Property transactions in the nation’s six special municipalities totaled 19,732 units last month, an increase of 13 percent from the same month last year, as builders completed pre-sale projects in Taipei and New Taipei City, government data showed on Monday.
The pickup affirmed a slow, but gradual recovery in the property market, where price concessions remain a critical facilitator, market watchers said.
“Pricing flexibility helps boost transactions as prospective buyers by and large refuse to increase their offer,” Evertrust Rehouse Co (永慶房屋) researcher Jay Hsieh (謝志傑) said.
The pickup is most evident in the capital, where housing deals rose 89.4 percent to 3,775, mainly due to the completion of two urban renewal projects in Wanhua District (萬華), Hsieh said.
New Taipei City ranked first in terms of transaction volume, with 4,827 deals, an 11.71 percent improvement from a year earlier, according to the city government’s Web site.

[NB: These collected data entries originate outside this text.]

Lemma encode_in_COMPOSE k M t : admissible k M t ->
  COMPOSE (fun i : 'I_k => bit_family M i) (fun b => [exists i, b i]) (encode t).
Proof.
move=> [tk tM]; exists (fun i x => (x.1 \in positions i t) && bit i x.2); split.
  by move=> i; exists (positions i t); rewrite size_positions.
case=> p l; rewrite /encode /=.
case: (ltnP p (size t)) => pt; last first.
  by apply/esym/existsP => -[i]; rewrite mem_positions ltnNge pt.
have ptk : nth 0 t p < k by apply/tk/mem_nth.
apply/idP/existsP => [bitp | [i]].
  by exists (Ordinal ptk); rewrite mem_positions pt eqxx.
by rewrite mem_positions pt => /andP [/eqP <-].
Qed.

Unset Implicit Arguments.

Theorem mainTheorem14 (k M j : nat) (hk : k = 2 ^ j) (hM : 0 < M) :
  exists (X : Type) (F : 'I_k -> fnfamily X bool) (g : ('I_k -> bool) -> bool),
    (forall i : 'I_k, opt_std_le (F i) M) /\
    (forall n : nat, 2 * n <= k * M * j -> opt_std_ge (COMPOSE F g) n).
Proof.
exists (nat * nat)%type, (fun i : 'I_k => bit_family M i), (fun b => [exists i, b i]).
split=> [i | n le_n]; first exact: opt_std_le_membership_family.
have adm0 : admissible k M [::] by [].
have pot0 : 2 * potential j 0 (remaining M [::]) = k * M * j.
  have [_ ->] := @eq_in_capacity_potential j 0 _ (fun=> M) (fun i _ => subn0 M).
  by rewrite potential_const hk.
apply: forces_sub (forces_leq (forces_completions hk adm0) _) => [h [t [adm ->]] | ].
  exact: encode_in_COMPOSE.
by lia.
Qed.
(* Let $R_n(x)=\sum_{k=0}^nR_{n,k}x^k$ for $n\ge1$. Then for every $n\ge1$, $R_n(x)$ has only real zeros, all lying in $[-1,0)$, and $R_n(x)$ separates $R_{n+1}(x)$. More precisely, $x=-1$ is a zero of $R_n(x)$ of multiplicity $\lfloor n/2\rfloor+1$, and $R_n(x)$ has $\lceil n/2\rceil-1$ further zeros, which are simple.
   Context: Let $D$ be the derivation of $\mathbb{Q}[y,z]$ with $D(y)=z^2$, $D(z)=yz$ (corresponding to $d/dx$ with $y=\tan x$, $z=\sec x$). The integers $R_{n,k}$ are defined for $n\ge1$ by $D^n(y+z)=\sum_{k=0}^nR_{n,k}y^{n-k}z^{k+1}$ in $\mathbb{Q}[y,z]$. Equivalently, $R_1(x)=1+x$ and $R_{n+1}(x)=(1+nx^2)R_n(x)+x(1-x^2)R_n'(x)$ for $n\ge1$. For real polynomials $f,F$ with only real zeros, with zeros $r_1\ge r_2\ge\cdots$ of $f$ and $s_1\ge s_2\ge\cdots$ of $F$ (listed with multiplicity), $f$ separates $F$ means $\deg f\le\deg F\le\deg f+1$ and $s_1\ge r_1\ge s_2\ge r_2\ge s_3\ge r_3\ge\cdots$. *)

From HB Require Import structures.
From mathcomp Require Import all_boot all_order all_algebra.
From mathcomp Require Import reals.
Set Implicit Arguments. Unset Strict Implicit. Unset Printing Implicit Defensive.
Import Order.TTheory GRing.Theory Num.Theory.
Local Open Scope ring_scope.

(* Rseq m = R_{m+1}(x):  R_1 = 1 + x,
   R_{n+1} = (1 + n x^2) R_n + x (1 - x^2) R_n'. *)
Fixpoint Rseq (R : nzRingType) (m : nat) : {poly R} :=
  match m with
  | 0 => 1 + 'X
  | m'.+1 => let p := Rseq R m' in
      (1 + (m'.+1)%:R *: 'X^2) * p + 'X * (1 - 'X^2) * p^`()
  end.

(* Rpoly n = R_n(x) for n >= 1 (the value at n = 0 is irrelevant). *)
Definition Rpoly (R : nzRingType) (n : nat) : {poly R} := Rseq R n.-1.

Definition real_zeros (R : realFieldType) (p : {poly R}) (s : seq R) : Prop :=
  sorted (fun a b : R => b <= a) s /\
  p = lead_coef p *: \prod_(r <- s) ('X - r%:P).

Definition only_real_zeros (R : realFieldType) (p : {poly R}) : Prop :=
  exists s : seq R, real_zeros p s.

Definition separates (R : realFieldType) (f F : {poly R}) : Prop :=
  exists (rs ss : seq R),
    [/\ real_zeros f rs, real_zeros F ss,
        (size f <= size F <= (size f).+1)%N &
        forall i : nat, (i < size rs)%N ->
          ss`_i >= rs`_i /\ ((i.+1 < size ss)%N -> rs`_i >= ss`_i.+1)].

From HB Require Import structures.
From mathcomp Require Import all_boot all_order all_algebra.
From mathcomp Require Import reals polyrcf.
From mathcomp Require Import ring lra zify.
Import Order.TTheory GRing.Theory Num.Theory.
Local Open Scope ring_scope.
Set Implicit Arguments. Unset Strict Implicit. Unset Printing Implicit Defensive.

(* Write R_n = c (x+1)^(a+1) Q with a = floor(n/2), c > 0 and Q = prod (x - s_i) having
   simple zeros 0 > s_1 > ... > s_k > -1.  The recurrence gives R_(n+1) = (x+1)^(a+1) T with
   T = (1 + n x^2) Q + x (1 - x) ((a+1) Q + (x+1) Q').  Now T(0) = Q(0) > 0, the values
   T(s_i) = s_i (1 - s_i) (1 + s_i) Q'(s_i) alternate in sign, and T(-1) = (odd n - 1) Q(-1):
   for odd n, -1 is a zero of T, while for even n the sign of T(-1) continues the
   alternation.  The intermediate value theorem puts a zero of T in each gap between
   consecutive points of 0, s_1, ..., s_k (, -1), and since deg R_(n+1) <= n + 1 these are
   all the zeros of T; they interlace with the s_i, which is the separation property. *)

Lemma exists_seq_nth (T : Type) (x0 : T) (P : nat -> T -> Prop) (K : nat) :
  (forall i, (i < K)%N -> exists x, P i x) ->
  exists2 t, size t = K & forall i, (i < K)%N -> P i (nth x0 t i).
Proof.
elim: K => [|K IH] hP; first by exists [::].
have [t st Pt] : exists2 t, size t = K & forall i, (i < K)%N -> P i (nth x0 t i).
  by apply: IH => i /ltnW; exact: hP.
have [x Px] := hP K (ltnSn K).
exists (rcons t x) => [|i]; first by rewrite size_rcons st.
rewrite ltnS leq_eqVlt nth_rcons st => /orP[/eqP->|iK]; first by rewrite ltnn eqxx.
by rewrite iK; exact: Pt.
Qed.

Lemma nth_cat_nseq (T : Type) (x0 : T) (s : seq T) m i :
  nth x0 (s ++ nseq m x0) i = nth x0 s i.
Proof.
rewrite nth_cat; case: ltnP => // le_si.
by rewrite nth_nseq nth_default //; case: ifP.
Qed.

Lemma eq_lead_prod_XsubC (F : fieldType) (p : {poly F}) (rs : seq F) :
  p != 0 -> uniq rs -> all (root p) rs -> (size p <= (size rs).+1)%N ->
  p = lead_coef p *: \prod_(r <- rs) ('X - r%:P).
Proof.
move=> p0 urs rootp szp.
have [q def_p] := uniq_roots_prod_XsubC rootp (etrans (uniq_rootsE rs) urs).
have prod0 : \prod_(r <- rs) ('X - r%:P) != 0 by rewrite monic_neq0 ?monic_prod_XsubC.
have q0 : q != 0 by apply: contraNneq p0 => q0; rewrite def_p q0 mul0r.
rewrite def_p in szp *.
move: szp; rewrite size_mul // size_prod_XsubC addnS /= -add1n leq_add2r.
move=> /size1_polyC ->.
by rewrite mul_polyC lead_coefZ lead_coef_prod_XsubC mulr1.
Qed.

Lemma prod_XsubC_cat_nseq (R : comNzRingType) (s : seq R) m :
  \prod_(r <- s ++ nseq m (-1)) ('X - r%:P) = ('X + 1) ^+ m * \prod_(r <- s) ('X - r%:P).
Proof.
rewrite big_cat mulrC; congr (_ * _).
by elim: m => [|m IH]; rewrite ?big_nil // big_cons IH polyCN opprK exprS.
Qed.

Section RealProducts.
Variable R : realFieldType.
Implicit Types (s : seq R) (x : R).

Lemma horner_prod_XsubC_sign s x : x \notin s ->
  0 < (-1) ^+ count (fun r => x < r) s * (\prod_(r <- s) ('X - r%:P)).[x].
Proof.
elim: s => [|r s IH]; first by rewrite big_nil hornerC mulr1 ltr01.
rewrite inE negb_or => /andP[xr /IH {}IH].
rewrite big_cons hornerM hornerXsubC /= exprD mulrACA.
apply: mulr_gt0 => //; case: (ltgtP x r) xr => // [xr | rx] _.
- by rewrite /= expr1 mulN1r oppr_gt0 subr_lt0.
- by rewrite /= expr0 mul1r subr_gt0.
Qed.

Lemma horner_prod_XsubC_gt0 s x : all (fun r => r < x) s ->
  0 < (\prod_(r <- s) ('X - r%:P)).[x].
Proof.
move=> /allP lt_x; rewrite horner_prod big_seq; apply: prodr_gt0 => r /lt_x.
by rewrite hornerXsubC subr_gt0.
Qed.
(* Let $(A,\alpha_A)$ be a Hom-algebra, $(H,\alpha_H)$ a Hom-coalgebra, $\Phi:H\otimes A\to A\otimes H$ a Hom-entwining map, and $\varphi:{A^*}^{cop}\otimes H\to H\otimes{A^*}^{cop}$ the corresponding Hom-cotwistor (determined by $\sum f(a_\Phi)h^\Phi=\sum f^\varphi(a)h^\varphi$). Let $n\in\mathbb Z$. Then the category $\mathcal M(\Phi)^H_A(n)$ of $n$-th Hom-entwined modules is isomorphic to the category $\mathcal B(n)$ of $\ddot\varphi(n)$-bicomodules for $B={A^*}^{cop}$.
   Context: $\Bbbk$ field of characteristic $0$; vector spaces finite-dimensional; all structure maps $\alpha$ are bijective. Hom-algebra: $\alpha_A(a)(bc)=(ab)\alpha_A(c)$, $\alpha_A(1_A)=1_A$, $1_Aa=a1_A=\alpha_A(a)$. Hom-coalgebra: $\varepsilon\alpha=\varepsilon$, $\alpha(c_1)\otimes\Delta(c_2)=\Delta(c_1)\otimes\alpha(c_2)$, $\varepsilon(c_1)c_2=c_1\varepsilon(c_2)=\alpha(c)$. ${A^*}^{cop}$: Hom-coalgebra on $A^*$ with $\overline\varepsilon(f)=f(1_A)$, $\overline\Delta(f)(x\otimes y)=f(\alpha_A^{-2}(yx))$, $\alpha(f)=f\circ\alpha_A^{-1}$. A Hom-entwining map is a linear $\Phi(h\otimes a)=\sum a_\Phi\otimes h^\Phi$ with $(\alpha_A\otimes\alpha_H)\Phi=\Phi(\alpha_H\otimes\alpha_A)$ and (E1) $\sum a_\Phi b_\Psi\otimes\alpha_H((h^\Phi)^\Psi)=\Phi(\alpha_H(h)\otimes ab)$ (where $\Psi=\Phi$ applied to $h^\Phi\otimes b$); (E2) $(\Phi\otimes\mathrm{id}_H)(\mathrm{id}_H\otimes\Phi)(\Delta_H(h)\otimes\alpha_A(a))=(\alpha_A\otimes\Delta_H)\Phi(h\otimes a)$; (E3) $(\mathrm{id}\otimes\varepsilon_H)\Phi(h\otimes a)=\varepsilon_H(h)a$; (E4) $\Phi(h\otimes1_A)=1_A\otimes h$. The corresponding $\varphi$ is then a Hom-cotwistor. A right $A$-Hom-module is $(U,\alpha_U)$ with $u\otimes a\mapsto u\cdot a$ commuting with the $\alpha$'s, $(u\cdot a)\cdot\alpha_A(b)=\alpha_U(u)\cdot(ab)$, $u\cdot1_A=\alpha_U(u)$. A right $H$-Hom-comodule is $(U,\alpha_U)$ with $\rho(u)=u_{(0)}\otimes u_{(1)}$ commuting with the $\alpha$'s, $\alpha_U(u_{(0)})\otimes\Delta(u_{(1)})=\rho(u_{(0)})\otimes\alpha_H(u_{(1)})$, $\varepsilon(u_{(1)})u_{(0)}=\alpha_U(u)$. $\mathcal M(\Phi)^H_A(n)$: objects are right $A$-Hom-modules and right $H$-Hom-comodules with $\rho(u\cdot a)=\sum u_{(0)}\cdot\alpha_A(a_\Phi)\otimes\alpha_H^{-n}\big((\alpha_H^{n+1}(u_{(1)}))^\Phi\big)$, where $\Phi$ is applied to $\alpha_H^{n+1}(u_{(1)})\otimes a$; morphisms are $A$-linear $H$-colinear maps commuting with the $\alpha$'s. For Hom-coalgebras $B,H$ and a Hom-cotwistor $\varphi(b\otimes h)=\sum h^\varphi\otimes b^\varphi$, $\mathcal B(n)$ has objects $(U,\alpha_U)$ that are right $B$-Hom-comodules ($u\mapsto u_{[0]}\otimes u_{[1]}$) and right $H$-Hom-comodules with $\sum u_{[0](0)}\otimes u_{[0](1)}\otimes u_{[1]}=\sum u_{(0)[0]}\otimes\alpha_H(u_{(1)})^\varphi\otimes\alpha_B^n((\alpha_B^{-n-1}(u_{(0)[1]}))^\varphi)$, morphisms $B$- and $H$-colinear maps commuting with the $\alpha$'s. *)

From HB Require Import structures.
From mathcomp Require Import all_boot all_algebra.
Set Implicit Arguments.
Unset Strict Implicit.
Unset Printing Implicit Defensive.
Import GRing.Theory.
Local Open Scope ring_scope.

Construction on pre-sale projects in the city’s Tamsui (淡水) and Banciao (板橋) districts came to an end, allowing developers to deliver about 400 apartment units, Hsieh said.
Transactions in Taichung rose 5.15 percent to 3,432 units and grew 8.92 percent to 1,881 units in Tainan, the cities’ land authorities indicated.
However, transactions in Taoyuan declined 10.65 percent to 2,784 units, while the number of deals slipped 2.73 percent to 3,033 units in Kaohsiung, official statistics showed.
Major housing complexes in Taoyuan were completed last year, raising the comparison base, market watchers said.
Sinyi Realty Inc (信義房屋) researcher Tseng Ching-der (曾敬德) said the sentiment in the local housing market is at the highest level in recent years, but prospective buyers continue to show patience and would rather stay on the sidelines than rush into deals.
Sellers who fail to set prices in line with real-transaction prices would have difficulty finding buyers, Tseng said.
For the first quarter of the year, housing transactions increased 10.08 percent to 50,373 units in the six special municipalities.
The growth momentum is likely to extend through until the end of this quarter, but could slow down slightly in the second half of the year in the run-up to November’s nine-in-one elections, Taiwan Realty Co (台灣房屋) said.
Candidates’ unfavorable rhetoric on the campaign trail to court young voters, most of whom have cited housing unaffordability as their No. 1 concern, could influence the property market, the broker said.